# MATERIAL FOR THIS EXERCISE
== Segment start ==
(* Let $\rho>1$. There exist a constant $D_0>0$ and an integer $N$, depending only on $T$ and $\rho$, such that for every $k$ and every pair of admissible $(k+1)$-words $w_1,w_2$ with $d_1\ge N$ and $d_2\ge N$, one has $|p_{11}(t)p_{22}(t)-p_{12}(t)p_{21}(t)|\ge D_0|t|^{d_1+d_2}$ for all complex $t$ with $|t|\ge\rho$.
   Context: Let $\mathcal{A}$ be a finite alphabet of $r$ symbols and $T=(T_{x,y})$ an irreducible $r\times r$ matrix with entries in $\{0,1\}$ (the directed graph on $\mathcal{A}$ with an edge $x\to y$ iff $T_{y,x}=1$ is strongly connected). An admissible $k$-word is a string $a_1\cdots a_k$ with $T_{a_{i+1},a_i}=1$ for all $i$. $V_k$ is the complex vector space with basis $\{[w]\}$ indexed by admissible $k$-words; $\psi_k:V_1\to V_k$ is linear with $\psi_k([a])$ the sum of $[w]$ over admissible $k$-words beginning with $a$; $T_k:V_k\to V_k$ is linear with $T_k([a_1\cdots a_k])=\sum[a_2\cdots a_kx]$ over symbols $x$ with $a_2\cdots a_kx$ admissible. For an admissible $k$-word $u=u_1\cdots u_k$, $h(u)$ is the least non-negative integer $h$ such that $u$ is the only admissible $k$-word beginning with $u_1\cdots u_{h+1}$. For admissible $(k+1)$-words $w_1=a_0\cdots a_k$, $w_2=b_0\cdots b_k$: $d_1=h(a_1\cdots a_k)$; $W$ is the span of $\psi_k(V_1)$ and $T_k^i[a_1\cdots a_k]$, $0\le i\le d_1-1$; $d_2$ is the least non-negative integer with $T_k^{d_2}[b_1\cdots b_k]\in W$. Correlation coefficients: for $0\le i\le d_1$, $c^{11}_{d_1-i}=1$ if $a_0\cdots a_{k-i}=a_i\cdots a_k$, $c^{21}_{d_1-i}=1$ if $b_0\cdots b_{k-i}=a_i\cdots a_k$; for $0\le j\le d_2$, $c^{12}_{d_2-j}=1$ if $a_0\cdots a_{k-j}=b_j\cdots b_k$, $c^{22}_{d_2-j}=1$ if $b_0\cdots b_{k-j}=b_j\cdots b_k$; all are $0$ otherwise. Correlation polynomials: $p_{11}(t)=\sum_{i=0}^{d_1}c^{11}_{d_1-i}t^{d_1-i}$, $p_{21}(t)=\sum_{i=1}^{d_1}c^{21}_{d_1-i}t^{d_1-i}$, $p_{12}(t)=\sum_{j=1}^{d_2}c^{12}_{d_2-j}t^{d_2-j}$, $p_{22}(t)=\sum_{j=0}^{d_2}c^{22}_{d_2-j}t^{d_2-j}$. *)

From HB Require Import structures.
From mathcomp Require Import all_boot all_order all_algebra.
From mathcomp Require Import complex.
From mathcomp Require Import reals.
Set Implicit Arguments. Unset Strict Implicit. Unset Printing Implicit Defensive.
Import Order.TTheory GRing.Theory Num.Theory.
Local Open Scope ring_scope.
== Segment end ==
# REQUIRED WORK
Transcribe, word for word, every line from the one containing "From mathcomp Require Import all_boot" through the final line of the entries, and nothing else.

# RESPONSE
From mathcomp Require Import all_boot all_order all_algebra.
From mathcomp Require Import complex.
From mathcomp Require Import reals.
Set Implicit Arguments. Unset Strict Implicit. Unset Printing Implicit Defensive.
Import Order.TTheory GRing.Theory Num.Theory.
Local Open Scope ring_scope.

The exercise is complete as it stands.